In Affinity Living Group, LLC v. StarStone Specialty Insurance Co., a divided Fourth Circuit held that it had appellate jurisdiction despite the parties’ stipulating to dismiss some claims without prejudice. The district court had issued a decision that necessarily—though not technically—resolved all of the claims, including the voluntarily dismissed ones. The decision dismissed two of the plaintiff’s claims. And its reasoning necessarily decided the two others. That is, the district court’s dismissal of the two claims “rendered legally deficient” the remaining claims. So even though the district court never formally dismissed the remaining claims, their dismissal was inevitable. The parties thus saved everyone some time by stipulating to their dismissal.

This is what Microsoft Corp. v.
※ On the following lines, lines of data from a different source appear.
Theorem mainTheorem2 (R : realType)
  (d : measure_display) (Omega : measurableType d) (mu : probability Omega R)
  (T : Omega -> \bar R) (C : Omega -> R) (p : R) (F0 : R -> R)
  (d' : measure_display) (Omega' : measurableType d') (Q : probability Omega' R)
  (Ys : nat -> Omega' -> R) :
  measurable_fun setT T -> (forall w, (0 <= T w)%E) ->
  measurable_fun setT C -> (forall w, 0 <= C w) ->
  indep2 mu T C ->
  0 < p < 1 -> proper_distribution_function F0 ->
  (forall t, distr_funE mu T t = p * F0 t) ->
  let Y := fun w => fine (Order.min (T w) (C w)%:E) in
  (forall i, measurable_fun setT (Ys i)) ->
  mutually_independent Q Ys ->
  (forall i (B : set R), measurable B -> Q (Ys i @^-1` B) = mu (Y @^-1` B)) ->
  let Fc := distr_fun mu C in
  let H := distr_fun mu Y in
  (forall xi : R, 0 < xi ->
     ((n%:R * survE Fc (tau Fc - (xi / Num.sqrt n%:R)%:E))%:E)%E
       @[n --> \oo] --> +oo%E) ->
  tau H = tau Fc /\ (tau Fc < +oo)%E /\
  (forall eps : R, 0 < eps ->
     Q [set w | eps < `| Num.sqrt n%:R *
                   (fine (tau H) - \big[Num.max/Ys 0%N w]_(i < n) Ys i w) | ]
       @[n --> \oo] --> 0%E).
Proof.
move=> mT T_ge0 mC _ indTC /andP[p_gt0 p_lt1] F0_df F_eq Y mYs indYs lawYs Fc H Fc_tail.
have T_neqNy w : T w != -oo%E by rewrite gt_eqF // (lt_le_trans ltNy0 (T_ge0 w)).
have F_le t : distr_funE mu T t <= p.
  rewrite F_eq ler_piMr //; [exact: ltW | exact: proper_distribution_function_le1].
have tau_fin : tau Fc \is a fin_num := tau_fin_num (Fc_tail 1 ltr01).
have tauH : tau H = tau Fc := tau_censored_min mT mC T_neqNy indTC p_lt1 F_le.
split => //; split; first by rewrite -(fineK tau_fin) ltry.
move=> eps eps_gt0; rewrite tauH.
apply: (@cvge0_le_inv_linear _ _
  (fun n => n%:R * survE Fc (tau Fc - (eps / Num.sqrt n%:R)%:E)) (1 - p)).
- by rewrite subr_gt0.
- by move=> n; exact: measure_ge0.
- near=> n; apply: (prob_bigmax_deviation mT mC T_neqNy indTC p_lt1 F_le mYs indYs lawYs) => //.
  by near: n; exact: nbhs_infty_gt.
- exact/cvgeryP/Fc_tail.
Unshelve. all: end_near.
Qed.
(* Every semifilter $\mathcal{S}$ (viewed as a subspace of $2^\omega$) is homogeneous.
   Context: A semifilter (on $\omega$) is a collection $\mathcal{S}\subseteq\mathcal{P}(\omega)$ such that $\varnothing\notin\mathcal{S}$, $\omega\in\mathcal{S}$, $\mathcal{S}$ is closed under finite modifications (if $x\in\mathcal{S}$ and $y\subseteq\omega$ with $(x\setminus y)\cup(y\setminus x)$ finite then $y\in\mathcal{S}$), and $\mathcal{S}$ is upward-closed. Subsets of $\mathcal{P}(\omega)$ are identified via characteristic functions with subspaces of $2^\omega$. A space $X$ is homogeneous if for all $x,y\in X$ there is a homeomorphism $h:X\to X$ with $h(x)=y$. *)

(* Subsets of omega are identified with their characteristic
   functions nat -> bool (points of the Cantor space 2^omega); a collection
   of subsets of omega is a predicate on (nat -> bool). *)
From Stdlib Require Import Arith.

Definition cantor := nat -> bool.

Definition agree (n : nat) (x y : cantor) : Prop :=
  forall i, i < n -> x i = y i.

(* U is (relatively) open in the subspace S of 2^omega with the product
   topology: U ∩ S is a union of traces on S of basic open sets. *)
Definition rel_open (S U : cantor -> Prop) : Prop :=
  forall x, S x -> U x -> exists n, forall z, S z -> agree n x z -> U z.

Definition continuous_on (S T : cantor -> Prop) (f : cantor -> cantor) : Prop :=
  (forall x, S x -> T (f x)) /\
  (forall U, rel_open T U -> rel_open S (fun x => U (f x))).

Definition homeomorphism (S : cantor -> Prop) (f g : cantor -> cantor) : Prop :=
  continuous_on S S f /\ continuous_on S S g /\
  (forall x, S x -> g (f x) = x) /\ (forall y, S y -> f (g y) = y).

Definition homogeneous (S : cantor -> Prop) : Prop :=
  forall x y, S x -> S y -> exists f g, homeomorphism S f g /\ f x = y.

Definition finite_mod (x y : cantor) : Prop :=
  exists N, forall i, N <= i -> x i = y i.

Definition semifilter (S : cantor -> Prop) : Prop :=
  ~ S (fun _ => false) /\
  S (fun _ => true) /\
  (forall x y, S x -> finite_mod x y -> S y) /\
  (forall x y, S x -> (forall i, x i = true -> y i = true) -> S y).

From Stdlib Require Import Arith Lia Bool Classical FunctionalExtensionality.

(* Given x, y in S, send z to z + (x + y) restricted to the longest prefix on
   which z agrees with x, together with the first position where they differ
   (addition in (Z/2)^omega).  Then x goes to y, every other z is moved only on
   finitely many coordinates, so S is preserved as soon as it is closed under
   finite modifications; the first n output bits depend only on the first n
   input bits, and the same recipe with x and y exchanged is the inverse map. *)

Fixpoint agreeb (n : nat) (x z : cantor) : bool :=
  match n with
  | 0 => true
  | S k => agreeb k x z && Bool.eqb (x k) (z k)
  end.

Lemma agreebP n x z : reflect (agree n x z) (agreeb n x z).
Proof.
  apply iff_reflect; induction n as [|n IH]; simpl.
  - split; [reflexivity | intros _ i Hi; lia].
  - rewrite andb_true_iff, eqb_true_iff, <- IH. split.
    + intros H; split; [intros i Hi|]; apply H; lia.
    + intros [H Hn] i Hi.
      destruct (Nat.eq_dec i n) as [->|]; [exact Hn | apply H; lia].
Qed.

Lemma agree_le m n x z : m <= n -> agree n x z -> agree m x z.
Proof. intros Hmn H i Hi; apply H; lia. Qed.

Lemma agreeb_agree_r n x z w : agree n z w -> agreeb n x z = agreeb n x w.
Proof.
  intros Hzw.
  destruct (agreebP n x z) as [H|H]; destruct (agreebP n x w) as [H'|H']; auto.
  - exfalso; apply H'; intros i Hi; rewrite H, Hzw; auto.
  - exfalso; apply H; intros i Hi; rewrite H', Hzw; auto.
Qed.

Definition transport (x y z : cantor) : cantor := fun i =>
  if agreeb i x z then xorb (z i) (xorb (x i) (y i)) else z i.

Lemma agreeb_transport x y z n : agreeb n y (transport x y z) = agreeb n x z.
Proof.
  induction n as [|n IH]; simpl; [reflexivity|].
  rewrite IH; unfold transport.
  destruct (agreeb n x z); simpl; [|reflexivity].
  destruct (x n), (y n), (z n); reflexivity.
Qed.

Lemma transportK x y z : transport y x (transport x y z) = z.
Proof.
  apply functional_extensionality; intro i; unfold transport at 1.
  rewrite agreeb_transport; unfold transport.
  destruct (agreeb i x z); [|reflexivity].
  destruct (x i), (y i), (z i); reflexivity.
Qed.

Lemma transport_id x y : transport x y x = y.
Proof.
  apply functional_extensionality; intro i; unfold transport.
  destruct (agreebP i x x) as [_|H]; [| exfalso; apply H; intros j _; reflexivity].
  destruct (x i), (y i); reflexivity.
Qed.

Lemma transport_finite_mod x y z n :
  x n <> z n -> finite_mod z (transport x y z).
Proof.
  intros Hn; exists (S n); intros i Hi; unfold transport.
  destruct (agreebP i x z) as [H|]; [exfalso; apply Hn, H; lia | reflexivity].
Qed.

Lemma transport_agree x y n z w :
  agree n z w -> agree n (transport x y z) (transport x y w).
Proof.
  intros Hzw i Hi; unfold transport.
  rewrite (agreeb_agree_r i x z w) by (apply (agree_le i n); auto; lia).
  rewrite (Hzw i Hi); reflexivity.
Qed.

Lemma continuous_on_of_agree (S : cantor -> Prop) (f : cantor -> cantor) :
  (forall z, S z -> S (f z)) ->
  (forall n z w, agree n z w -> agree n (f z) (f w)) ->
  continuous_on S S f.
Proof.
  intros HSf Hf; split; [exact HSf|].
  intros U HU z Sz Uz.
  destruct (HU (f z) (HSf z Sz) Uz) as [n Hn].
  exists n; intros w Sw Hzw; apply Hn; auto.
Qed.

Section FiniteModificationClosed.

Variable S : cantor -> Prop.
Hypothesis S_finite_mod : forall x y, S x -> finite_mod x y -> S y.

Lemma transport_in x y z : S y -> S z -> S (transport x y z).
Proof.
  intros Sy Sz.
  destruct (classic (forall n, x n = z n)) as [Hxz|Hxz].
  - replace z with x by (apply functional_extensionality; exact Hxz).
    rewrite transport_id; exact Sy.
  - apply not_all_ex_not in Hxz as [n Hn].
    exact (S_finite_mod z _ Sz (transport_finite_mod x y z n Hn)).
Qed.

Lemma transport_homeomorphism x y :
  S x -> S y -> homeomorphism S (transport x y) (transport y x).
Proof.
  intros Sx Sy; repeat split; try (intros; apply transportK);
    apply continuous_on_of_agree; auto using transport_in, transport_agree.
Qed.

End FiniteModificationClosed.

Theorem corollary4p3 (S : cantor -> Prop) :
  semifilter S -> homogeneous S.
Proof.
  intros [_ [_ [S_finite_mod _]]] x y Sx Sy.
  exists (transport x y), (transport y x); split.
  - exact (transport_homeomorphism S S_finite_mod x y Sx Sy).
  - apply transport_id.
Qed.
Lemma b_agree j : (1 <= j <= L)%nat -> b j = b' j.
Proof.
  intros Hj. assert (cj := c_agree j Hj). assert (Pos := aL_cL_pos').
  destruct (Nat.eq_dec L 1) as [HL1|HL1].
  - assert (j = L) by lia. subst j.
    assert (E := coef_order2_U _ _ _ _ HG).
    rewrite Heq, (coef_order2_U _ _ _ _ HG'), cj in E by (try lia; solve_local).
    destruct (Hpos' L Hj) as (_ & _ & ?). apply Rmult_eq_reg_r in E; lra.
  - assert (E := coef_order3_release _ _ _ _ HG j ltac:(lia) Hj).
    rewrite Heq, (coef_order3_release _ _ _ _ HG' j), aL_cL_agree, cj in E
      by (try lia; solve_local).
    apply Rmult_eq_reg_r in E; lra.
Qed.


Lemma chain_identifiable j : (1 <= j <= L)%nat -> a j = a' j /\ b j = b' j /\ c j = c' j.
Proof. intros Hj. auto using a_agree, b_agree, c_agree. Qed.

End Identifiability.
End Chain.

(** * The network *)

Section Network.

Variables (N : nat) (L : nat -> nat) (Y : nat -> nat) (S U : nat -> nat -> nat) (nS : nat).
Hypothesis HnS : forall x, is_species N L Y S U x -> (x < nS)%nat.
Hypothesis HH1 : H1 N L Y S U.
Hypothesis HH2 : H2 N L Y S U.

Lemma network_chain i : (i < N)%nat -> chain nS (Y i) (S i) (U i) (L i).
Proof.
  destruct HH1 as (h1 & h2 & h3 & h4 & h5).
  destruct HH2 as (M & part & hM & hb & hne & h0 & hal). intros Hi.
  destruct (hal i Hi) as (al & hal1 & hal2 & hal3).
  constructor.
  - apply h1; auto.
  - intros k Hk E. apply hal3. rewrite <- E. apply hal2; auto.
  - intros k Hk. apply (h3 i k i); auto.
  - intros k k' Hk Hk' E. apply (proj2 (h3 i k' i Hi Hk' Hi) k Hk). auto.
  - intros k k' Hk Hk' E. apply (h4 i k k'); auto.
  - intros k k' Hk Hk' E. apply (h2 i k i k'); auto.
  - apply HnS. exists i. split; auto.
  - intros k Hk. apply HnS. exists i. split; auto. right; left. exists k; auto.
  - intros k Hk. apply HnS. exists i. split; auto. right; right. exists k; auto.
Qed.

(* (H2) is needed when both species are substrates of component [i]: they then share a part,
   which the enzyme and a substrate of component [i'] cannot. *)
Lemma foreign_binding_not_local i i' j : (i < N)%nat -> (i' < N)%nat -> i' <> i ->
  (1 <= j <= L i')%nat -> is_local (Y i) (S i) (U i) (L i) (Y i') ->
  ~ is_local (Y i) (S i) (U i) (L i) (S i' (j - 1)).
Proof.
  destruct HH1 as (h1 & h2 & h3 & h4 & h5).
  destruct HH2 as (M & part & hM & hb & hne & h0 & hal).
  intros Hi Hi' Hne Hj HY HS.
  destruct (hal i Hi) as (al & hal1 & hal2 & hal3).
  destruct (hal i' Hi') as (al' & hal1' & hal2' & hal3').
  destruct HY as [EY|[[k [Hk EY]]|[k [Hk EY]]]];
  destruct HS as [ES|[[k' [Hk' ES]]|[k' [Hk' ES]]]].
  - apply hal3'. rewrite EY, <- ES. apply hal2'. lia.
  - apply Hne. apply (h5 i' (j - 1)%nat i k'); auto; try lia.
    apply meqb_spec. intros t. rewrite EY, ES. reflexivity.
  - apply (proj2 (h3 i k' i' Hi Hk' Hi') (j - 1)%nat); [lia|]. auto.
  - apply Hne. apply (h5 i' (j - 1)%nat i k); auto; try lia.
    apply meqb_spec. intros t. rewrite EY, ES. unfold cplx2. rewrite !mexp_madd. lia.
  - apply hal3'. rewrite EY, (hal2 k Hk), <- (hal2 k' Hk'), <- ES. apply hal2'. lia.
  - apply (proj2 (h3 i k' i' Hi Hk' Hi') (j - 1)%nat); [lia|]. auto.
  - apply (proj1 (h3 i k i' Hi Hk Hi')). auto.
  - apply (proj1 (h3 i k i' Hi Hk Hi')). auto.
  - apply (proj1 (h3 i k i' Hi Hk Hi')). auto.
Qed.
(* Let $(\Omega,\mathcal F,\mathcal P)$ be pre-Hahn-localizable with localization $\mathcal Q$. Then (1) $\mathcal F^{\mathcal P}=\mathcal F^{\mathcal Q}$, and (2) $(\Omega,\mathcal F^{\mathcal P},\mathcal P)$ (measures extended to $\mathcal F^{\mathcal P}$) is pre-Hahn-localizable. Moreover, if $(\Omega,\mathcal F,\mathcal P)$ is Hahn-localizable with a localization having pairwise disjoint supports, then $(\Omega,\mathcal F^{\mathcal P},\mathcal P)$ is Hahn-localizable.
   Context: $\mathcal P$ is a family of probability measures on $\mathcal F$. For a probability measure $P$, $\mathcal F^P=\{F\cup Z:F\in\mathcal F, Z\subseteq N \text{ for some } N\in\mathcal F,P(N)=0\}$, and for a family $\mathcal R$, $\mathcal F^{\mathcal R}=\bigcap_{R\in\mathcal R}\mathcal F^R$; each measure extends uniquely to its completion and hence to $\mathcal F^{\mathcal R}$. $\mathcal A\lll\mathcal B$ means every $A\in\mathcal A$ is absolutely continuous w.r.t. some $B\in\mathcal B$; $\mathrm{sconv}$ denotes countable convex combinations. $\mathcal P$ is pre-Hahn-localizable if there are a family $\mathcal Q$ of probability measures on $\mathcal F$ (localization) and sets $S_Q\in\mathcal F$ (supports) with $Q(S_R)=\delta_{QR}$ for $Q,R\in\mathcal Q$ and $\mathcal Q\lll\mathcal P\lll\mathrm{sconv}(\mathcal Q)$. It is Hahn-localizable if this holds with, in addition: for every family $E_Q\in\mathcal F$, $E_Q\subseteq S_Q$, there is $S\in\mathcal F$ with $Q(E_Q\setminus S)=0$ for all $Q$, and such that any $F\in\mathcal F$ with $Q(E_Q\setminus F)=0$ for all $Q$ satisfies $Q(S\setminus F)=0$ for all $Q$. *)

From HB Require Import structures.
From mathcomp Require Import all_boot all_order all_algebra.
From mathcomp Require Import all_classical all_reals all_analysis.
Set Implicit Arguments. Unset Strict Implicit. Unset Printing Implicit Defensive.
Import Order.TTheory GRing.Theory Num.Theory.
Import numFieldNormedType.Exports.
Local Open Scope classical_set_scope.
Local Open Scope ring_scope.

Section Defs.
Variables (R : realType) (T : Type).

Definition prob_on (F : set (set T)) (mu : set T -> R) : Prop :=
  [/\ mu setT = 1,
      (forall A, F A -> 0 <= mu A) &
      (forall A : nat -> set T, (forall n, F (A n)) -> trivIset setT A ->
         (fun n => \sum_(0 <= i < n) mu (A i)) @ \oo --> mu (\bigcup_n A n))].

Definition abs_cont (F : set (set T)) (mu nu : set T -> R) : Prop :=
  forall A, F A -> nu A = 0 -> mu A = 0.

Definition eq_on (F : set (set T)) (mu nu : set T -> R) : Prop :=
  forall A, F A -> mu A = nu A.

Definition sconv (F : set (set T)) (I : Type) (Q : I -> set T -> R)
    (mu : set T -> R) : Prop :=
  exists (c : nat -> R) (q : nat -> I),
    [/\ (forall n, 0 <= c n),
        (fun n => \sum_(0 <= k < n) c k) @ \oo --> (1 : R) &
        (forall A, F A ->
           (fun n => \sum_(0 <= k < n) c k * Q (q k) A) @ \oo --> mu A)].

Definition fam_ac (F : set (set T)) (I J : Type)
    (A : I -> set T -> R) (B : J -> set T -> R) : Prop :=
  forall i, exists j, abs_cont F (A i) (B j).

Definition fam_ac_sconv (F : set (set T)) (J I : Type)
    (P : J -> set T -> R) (Q : I -> set T -> R) : Prop :=
  forall j, exists mu, sconv F Q mu /\ abs_cont F (P j) mu.

Definition completion (F : set (set T)) (mu : set T -> R) : set (set T) :=
  [set A | exists B N Z, [/\ F B, F N, mu N = 0, Z `<=` N & A = B `|` Z]].

Definition fam_completion (F : set (set T)) (I : Type) (Rs : I -> set T -> R)
  : set (set T) := [set A | forall i, completion F (Rs i) A].

(* canonical extension of mu (given on F) to all sets: the outer measure;
   on the completion F^mu it is the unique extension of mu *)
Definition cext (F : set (set T)) (mu : set T -> R) : set T -> R :=
  fun A => inf [set mu B | B in [set B | F B /\ A `<=` B]].

Definition localization (F : set (set T)) (J I : Type)
    (P : J -> set T -> R) (Q : I -> set T -> R) (S : I -> set T) : Prop :=
  [/\ (forall i, prob_on F (Q i)),
      (forall i, F (S i)),
      (forall i k, Q i (S k) = if `[< eq_on F (Q i) (Q k) >] then 1 else 0),
      fam_ac F Q P &
      fam_ac_sconv F P Q].

Definition hahn_cond (F : set (set T)) (I : Type)
    (Q : I -> set T -> R) (S : I -> set T) : Prop :=
  forall E : I -> set T, (forall i, F (E i) /\ E i `<=` S i) ->
    exists S0, [/\ F S0,
      (forall i, Q i (E i `\` S0) = 0) &
      (forall G, F G -> (forall i, Q i (E i `\` G) = 0) ->
         forall i, Q i (S0 `\` G) = 0)].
Baker should have said. Baker rightly held that plaintiffs in a class action cannot voluntarily dismiss their individual claims and then appeal the earlier denial of class certification. Although the denial of class certification might have made pursuing those individual claims economically irrational, it did not necessarily resolve them. The plaintiffs could have kept going. That’s why they shouldn’t have been able to manufacture an interlocutory appeal by voluntarily dismissing their claims. But when an interlocutory decision means that there’s nowhere else for plaintiffs to go—that their claims, though technically pending, are legally done—there’s no reason to not allow an appeal via voluntary dismissal.